Problem to work on: Through the line that contains "Definition opfam (J", return the data below exactly, starting at its first line; leave the rest out.

Stored entries:
(* X|k> = |k-1> ;  Z|k> = q^k |k> *)
Definition Xm : mat 'Z_d := fun j k => (j == k - 1)%:R.
Definition Zm : mat 'Z_d := fun j k => (j == k)%:R * qroot ^+ k.
Definition xst (j : 'Z_d) : 'Z_d -> C :=
  fun k => (sqrtC (d%:R : C))^-1 * qroot ^+ (j * k)%N.
Definition projm (v : 'Z_d -> C) : mat 'Z_d := fun j k => v j * (v k)^*.

Definition upd (T : finType) (x : cfg T) (a : T) (k : 'Z_d) : cfg T :=
  [ffun b => if b == a then k else x b].
Definition op1 (T : finType) (a : T) (A : mat 'Z_d) (w : vec T) : vec T :=
  fun x => \sum_(k : 'Z_d) A (x a) k * w (upd x a k).
Definition opfam (J T : finType) (s : seq J) (site : J -> T)
  (M : J -> mat 'Z_d) (w : vec T) : vec T :=
  foldr (fun j f => op1 (site j) (M j) f) w s.

Definition mxop (T : finType) (A : mat (cfg T)) (w : vec T) : vec T :=
  fun x => \sum_(y : cfg T) A x y * w y.
Definition matof (T : finType) (f : vec T -> vec T) : mat (cfg T) :=
  fun x y => f (fun z => (z == y)%:R) x.

(* (A)_{C_O}: operator A on (C^d)^{tensor n} acting on the qudits O 0,...,O (n-1) *)
Definition updO (n : nat) (V : finType) (O : 'I_n -> V) (x : cfg V)
  (y : cfg 'I_n) : cfg V :=
  [ffun b => if [pick i | O i == b] is Some i then y i else x b].
Definition liftO (n : nat) (V : finType) (O : 'I_n -> V)
  (A : mat (cfg 'I_n)) (w : vec V) : vec V :=
  fun x => \sum_(y : cfg 'I_n) A [ffun i => x (O i)] y * w (updO O x y).

(* cluster state generator S = prod_{{a,b} in E} S_ab,
   graph given by its edge set E (each edge a 2-element vertex set) *)
Definition Sop (V : finType) (E : {set {set V}}) (w : vec V) : vec V :=
  fun x => (\prod_(e in E) qroot ^+ (\prod_(a in e) (x a : nat))%N) * w x.
Definition plusV (V : finType) : vec V := fun x => \prod_(a : V) xst 0 (x a).
Definition cluster (V : finType) (E : {set {set V}}) : vec V := Sop E (@plusV V).
Definition embed_in (n : nat) (V : finType) (I : 'I_n -> V) (CM CO : {set V})
  (psin : vec 'I_n) : vec V :=
  fun x => psin [ffun i => x (I i)] * \prod_(a in CM :|: CO) xst 0 (x a).
Definition Pop (V : finType) (CM : {set V}) (u : V -> mat 'Z_d) (sM : V -> 'Z_d)
  (w : vec V) : vec V :=
  opfam (enum CM) id (fun a => projm (fun k => u a k (sM a))) w.
Definition USigma (n : nat) (lx lz s : 'I_n -> 'Z_d) (w : vec 'I_n) : vec 'I_n :=
  foldr (fun i f => iter (- lx i - s i)%R (op1 i Zm) (iter (lz i) (op1 i Xm) f))
    w (enum 'I_n).
End Qudit.

From HB Require Import structures.
From mathcomp Require Import all_boot all_order all_algebra.
From mathcomp Require Import reals trigo.
From mathcomp Require Import complex.
From mathcomp Require Import ring lra.
From Stdlib Require Import FunctionalExtensionality.
Set Implicit Arguments. Unset Strict Implicit. Unset Printing Implicit Defensive.
Import Order.TTheory GRing.Theory Num.Theory.
Local Open Scope ring_scope.

(* Let eta := (U^dagger)_O psi.  The hypotheses say that eta is stabilized, up to
   the phases q^(-lx_i) and q^(-lz_i), by X_(I_i) X_(O_i) and Z_(I_i)^dagger Z_(O_i):
   the Z-conditions confine eta to the configurations with z_(O_i) = z_(I_i) - lz_i,
   and along that diagonal the X-conditions make eta a character in z_I times its
   value at z_I = 0.  Since psi, hence eta, factors as the product of the measured
   states u_a|s_a> with a function of the other qudits, this determines psi:
   psi(y) = c0 * prod_a <y_a|u_a|s_a> * q^(-lx . y_I) * <y_O|U|y_I - lz>, with
   c0 <> 0 because psi <> 0.  As S is diagonal and |+> has constant amplitudes,
   P S (psin (x) |+>) is psin(y_I) psi(y) up to a constant, and projecting each I_i
   onto |x(s_i)> sums y_(I_i) against q^(-s_i y_(I_i)); the substitution
   b = y_I - lz turns the result into U applied to prod_i Z_i^(-lx_i - s_i) X_i^(lz_i)
   psin.  Neither the edges of the graph nor the unitarity of the u_a play a role. *)

Section Qudit.
Variables (R : realType) (p : nat).
Local Notation d := p.+2.
Local Notation C := (complex R).
Local Notation q := (qroot R d).

Lemma qroot_expE k :
  q ^+ k = ((cos (k%:R * (2 * pi / d%:R))) +i* (sin (k%:R * (2 * pi / d%:R))))%C.
Proof.
set th := 2 * pi / d%:R.
elim: k => [|k IH]; first by rewrite expr0 mul0r cos0 sin0.
rewrite exprSr IH /qroot -/th -[k.+1]addn1 natrD mulrDl mul1r cosD sinD.
by congr (_ +i* _)%C; ring.
Qed.

Lemma qroot_exp_d : q ^+ d = 1.
Proof.
by rewrite qroot_expE mulrCA mulfV ?pnatr_eq0 // mulr1 mulr_natl cos2pi sin2pi.
Qed.

Lemma qroot_exp_mod m : q ^+ m = q ^+ (m %% d).
Proof. by rewrite {1}(divn_eq m d) exprD mulnC exprM qroot_exp_d expr1n mul1r. Qed.

Lemma qroot_mulC : q * q^* = 1.
Proof.
apply/eqP; rewrite eq_complex /=; apply/andP; split; apply/eqP.
  by rewrite mulrN opprK -!expr2 cos2Dsin2.
by rewrite mulrN mulrC addNr.
Qed.

(* With x := k pi / d in ]0, pi[, q^k = 1 gives cos (2 x) = 1, hence sin x = 0. *)
Lemma qroot_exp_eq1 k : (k < d)%N -> q ^+ k = 1 -> k = 0%N.
Proof.
case: k => // k hk; rewrite qroot_expE => /eqP; rewrite eq_complex /= => /andP [/eqP hc _].
exfalso.
pose x : R := k.+1%:R / d%:R * pi.
have hx : k.+1%:R * (2 * pi / d%:R) = x *+ 2.
  by rewrite /x -mulr_natr; field; rewrite -natrD pnatr_eq0.
have hx0 : 0 < x < pi.
  have h1 : 0 < k.+1%:R / d%:R :> R by rewrite divr_gt0 ?ltr0n.
  have h2 : k.+1%:R / d%:R < 1 :> R by rewrite ltr_pdivrMr ?ltr0n // mul1r ltr_nat.
  apply/andP; split; first by rewrite mulr_gt0 ?pi_gt0.
  by rewrite -[X in _ < X]mul1r ltr_pM2r ?pi_gt0.
move: hc; rewrite hx cos_mulr2n => h.
have : sin x ^+ 2 = 0 by rewrite sin2cos2; move: h; rewrite mulr2n; lra.
move/eqP; rewrite expf_eq0 /= => /eqP hs.
by have := sin_gt0_pi hx0; rewrite hs ltxx.
Qed.

Definition qexp (a : 'Z_d) : C := q ^+ a.

Lemma qexpD a b : qexp (a + b) = qexp a * qexp b.
Proof. by rewrite /qexp /= -qroot_exp_mod exprD. Qed.

Lemma qexpM (a b : 'Z_d) : qexp (a * b) = q ^+ (a * b)%N.
Proof. by rewrite /qexp /= -qroot_exp_mod. Qed.

Lemma qexp0 : qexp 0 = 1.
Proof. by rewrite /qexp expr0. Qed.

Lemma qexpNr a : qexp (- a) * qexp a = 1.
Proof. by rewrite -qexpD addNr qexp0. Qed.

Lemma qexp_neq0 a : qexp a != 0.
Proof. by apply: contra_eq_neq (qexpNr a) => ->; rewrite mulr0 eq_sym oner_neq0. Qed.

Lemma qexpN a : qexp (- a) = (qexp a)^-1.
Proof. by apply: (mulIf (qexp_neq0 a)); rewrite qexpNr mulVf ?qexp_neq0. Qed.

Lemma qexp_inj : injective qexp.
Proof.
move=> a b hab; apply/eqP; rewrite -subr_eq0; apply/eqP/val_inj.
by apply: qroot_exp_eq1 (ltn_ord _) _; rewrite -/(qexp _) qexpD hab qexpN mulfV ?qexp_neq0.
Qed.

Lemma qexp_conj a : (qexp a)^* = qexp (- a).
Proof.
have h : qexp a * (qexp a)^* = 1 by rewrite /qexp rmorphXn -exprMn qroot_mulC expr1n.
by apply: (mulfI (qexp_neq0 a)); rewrite h mulrC qexpNr.
Qed.

Lemma qexpXn a m : qexp a ^+ m = qexp (a * m%:R).
Proof.
elim: m => [|m IH]; first by rewrite expr0 mulr0 qexp0.
by rewrite exprS IH -qexpD -[m.+1]addn1 natrD mulrDr mulr1 addrC.
Qed.

Lemma sum_delta_l (T : finType) (t : T) (F : T -> C) :
  \sum_(l : T) (t == l)%:R * F l = F t.
Proof.
rewrite (bigD1 t) //= eqxx mul1r big1 ?addr0 // => l hl.
by rewrite eq_sym (negbTE hl) mul0r.
Qed.

Lemma sum_delta_r (T : finType) (t : T) (F : T -> C) :
  \sum_(l : T) (l == t)%:R * F l = F t.
Proof. by rewrite -(sum_delta_l t); apply: eq_bigr => l _; rewrite eq_sym. Qed.

Section SingleSite.
Variable T : finType.
Implicit Types (x : cfg d T) (a b : T) (k : 'Z_d) (w : vec R d T).

Lemma upd_at x a k : upd x a k a = k.
Proof. by rewrite ffunE eqxx. Qed.

Lemma upd_ne x a k b : b != a -> upd x a k b = x b.
Proof. by move=> h; rewrite ffunE (negbTE h). Qed.

Lemma upd_id x a : upd x a (x a) = x.
Proof. by apply/ffunP => b; rewrite ffunE; case: eqP => // ->. Qed.

Lemma upd_upd x a k k' : upd (upd x a k) a k' = upd x a k'.
Proof. by apply/ffunP => b; rewrite !ffunE; case: eqP. Qed.

Lemma op1_X a w x : op1 a (@Xm R d) w x = w (upd x a (x a + 1)).
Proof.
rewrite /op1 -(sum_delta_r (x a + 1) (fun k => w (upd x a k))).
by apply: eq_bigr => k _; rewrite /Xm eq_sym subr_eq.
Qed.

Lemma op1_Z a w x : op1 a (@Zm R d) w x = qexp (x a) * w x.
Proof.
rewrite /op1; transitivity (\sum_k (x a == k)%:R * (qexp k * w (upd x a k))).
  by apply: eq_bigr => k _; rewrite mulrA.
by rewrite sum_delta_l upd_id.
Qed.

Lemma op1_adjZ a w x : op1 a (adjm (@Zm R d)) w x = qexp (- x a) * w x.
Proof.
rewrite /op1 -qexp_conj.
transitivity (\sum_k (k == x a)%:R * ((qexp (x a))^* * w (upd x a k))).
  by apply: eq_bigr => k _; rewrite /adjm /Zm rmorphM /= conjC_nat mulrA.
by rewrite sum_delta_r upd_id.
Qed.

Lemma op1_proj a (v : 'Z_d -> C) w x :
  op1 a (projm v) w x = v (x a) * \sum_k (v k)^* * w (upd x a k).
Proof. by rewrite /op1 mulr_sumr; apply: eq_bigr => k _; rewrite /projm mulrA. Qed.

Lemma op1_sum a A (B : finType) (F : B -> vec R d T) x :
  op1 a A (fun y => \sum_(b : B) F b y) x = \sum_b op1 a A (F b) x.
Proof. by rewrite /op1 exchange_big /=; apply: eq_bigr => k _; rewrite mulr_sumr. Qed.

Lemma op1_mull a A (h : cfg d T -> C) w :
  (forall x k, h (upd x a k) = h x) ->
  op1 a A (fun y => h y * w y) = fun x => h x * op1 a A w x.
Proof.
move=> hh; apply: functional_extensionality => x; rewrite /op1 mulr_sumr.
by apply: eq_bigr => k _; rewrite hh mulrCA.
Qed.

End SingleSite.

Lemma matof_conj (T : finType) (U U' : mat R (cfg d T)) i (M : mat R 'Z_d) :
  matof (fun w => mxop U (op1 i M (mxop U' w))) = mulm U (mulm (matof (op1 i M)) U').
Proof.
apply: functional_extensionality => x; apply: functional_extensionality => y.
rewrite /matof /mulm /mxop; apply: eq_bigr => z _; congr (_ * _).
rewrite /op1; transitivity (\sum_k M (z i) k * U' (upd z i k) y).
  apply: eq_bigr => k _; congr (_ * _).
  by rewrite -(sum_delta_r y (U' (upd z i k))); apply: eq_bigr => l _; exact: mulrC.
under [RHS]eq_bigr => l _ do rewrite mulr_suml.
rewrite exchange_big /=; apply: eq_bigr => k _.
rewrite -(sum_delta_l (upd z i k) (fun l => M (z i) k * U' l y)).
by apply: eq_bigr => l _; rewrite mulrAC mulrC.
Qed.

Section Families.
Variables (J T : finType) (site : J -> T) (M : J -> mat R 'Z_d).
Implicit Types (l : seq J) (w : vec R d T).

Lemma opfam_mull l (h : cfg d T -> C) w :
  (forall j x k, j \in l -> h (upd x (site j) k) = h x) ->
  opfam l site M (fun y => h y * w y) = fun x => h x * opfam l site M w x.
Proof.
elim: l => [|j l IH] hh //=.
rewrite IH; last by move=> j' x k hj; apply: hh; rewrite inE hj orbT.
by apply: op1_mull => x k; apply: hh; rewrite inE eqxx.
Qed.

Lemma opfam_sum l (B : finType) (F : B -> vec R d T) :
  opfam l site M (fun y => \sum_b F b y) = fun x => \sum_b opfam l site M (F b) x.
Proof.
elim: l => [|j l IH] //=; rewrite IH.
by apply: functional_extensionality => x; rewrite op1_sum.
Qed.

End Families.

Lemma opfam_proj_factor (T : finType) (v : T -> 'Z_d -> C) (l : seq T) (w : vec R d T) :
  uniq l -> exists K : cfg d T -> C,
    (forall x y : cfg d T, (forall b, b \notin l -> x b = y b) -> K x = K y) /\
    forall x, opfam l id (fun a => projm (v a)) w x = (\prod_(a <- l) v a (x a)) * K x.
Proof.
elim: l => [|a l IH] /=.
  move=> _; exists w; split => [x y h|x]; last by rewrite big_nil mul1r.
  by congr w; apply/ffunP => b; exact: h.
move=> /andP [hal /IH [K [hK hw]]].
exists (fun x => \sum_k (v a k)^* * K (upd x a k)); split.
  move=> x y hxy; apply: eq_bigr => k _; congr (_ * _); apply: hK => b hb.
  rewrite !ffunE; case: eqP => // /eqP hba; apply: hxy.
  by rewrite inE negb_or hba hb.
move=> x; rewrite op1_proj big_cons -mulrA; congr (_ * _).
rewrite mulr_sumr; apply: eq_bigr => k _; rewrite hw mulrCA; congr (_ * _).
apply: eq_big_seq => b hb; rewrite upd_ne //.
by apply: contraNneq hal => <-.
Qed.

Section OutputRegister.
Variables (n : nat) (V : finType) (O : 'I_n -> V).
Hypothesis O_inj : injective O.
Implicit Types (x : cfg d V) (y z : cfg d 'I_n) (w : vec R d V) (A B : mat R (cfg d 'I_n)).
Local Notation prO x := [ffun i => x (O i)].

Lemma updO_at x y i : updO O x y (O i) = y i.
Proof.
rewrite ffunE; case: pickP => [j /eqP /O_inj -> //|/(_ i)].
by rewrite eqxx.
Qed.

Lemma updO_out x y b : (forall i, O i != b) -> updO O x y b = x b.
Proof. by move=> h; rewrite ffunE; case: pickP => [j hj|//]; have := h j; rewrite hj. Qed.

Lemma prO_updO x y : prO (updO O x y) = y.
Proof. by apply/ffunP => i; rewrite ffunE updO_at. Qed.

Lemma updO_updO x y z : updO O (updO O x y) z = updO O x z.
Proof.
apply/ffunP => b; rewrite {1}/updO ffunE; case: pickP => [j /eqP <-|h].
  by rewrite updO_at.
by rewrite !updO_out // => i; rewrite h.
Qed.

Lemma updO_prO x : updO O x (prO x) = x.
Proof. by apply/ffunP => b; rewrite ffunE; case: pickP => [j /eqP <-|//]; rewrite ffunE. Qed.

Lemma updO_upd x b k y : (forall i, O i != b) ->
  updO O (upd x b k) y = upd (updO O x y) b k.
Proof.
move=> hb; apply/ffunP => c; rewrite !ffunE.
by case: pickP => [j /eqP <-|//]; rewrite (negbTE (hb j)).
Qed.

Lemma prO_upd x b k : (forall i, O i != b) -> prO (upd x b k) = prO x.
Proof. by move=> hb; apply/ffunP => i; rewrite !ffunE (negbTE (hb i)). Qed.

Lemma updO_upd_prO x i k : updO O x (upd (prO x) i k) = upd x (O i) k.
Proof.
apply/ffunP => b; rewrite !ffunE; case: pickP => [j /eqP <-|h].
  by rewrite !ffunE (inj_eq O_inj); case: eqP.
by case: eqP => // hb; have := h i; rewrite hb eqxx.
Qed.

Expected answer:
(* X|k> = |k-1> ;  Z|k> = q^k |k> *)
Definition Xm : mat 'Z_d := fun j k => (j == k - 1)%:R.
Definition Zm : mat 'Z_d := fun j k => (j == k)%:R * qroot ^+ k.
Definition xst (j : 'Z_d) : 'Z_d -> C :=
  fun k => (sqrtC (d%:R : C))^-1 * qroot ^+ (j * k)%N.
Definition projm (v : 'Z_d -> C) : mat 'Z_d := fun j k => v j * (v k)^*.

Definition upd (T : finType) (x : cfg T) (a : T) (k : 'Z_d) : cfg T :=
  [ffun b => if b == a then k else x b].
Definition op1 (T : finType) (a : T) (A : mat 'Z_d) (w : vec T) : vec T :=
  fun x => \sum_(k : 'Z_d) A (x a) k * w (upd x a k).
Definition opfam (J T : finType) (s : seq J) (site : J -> T)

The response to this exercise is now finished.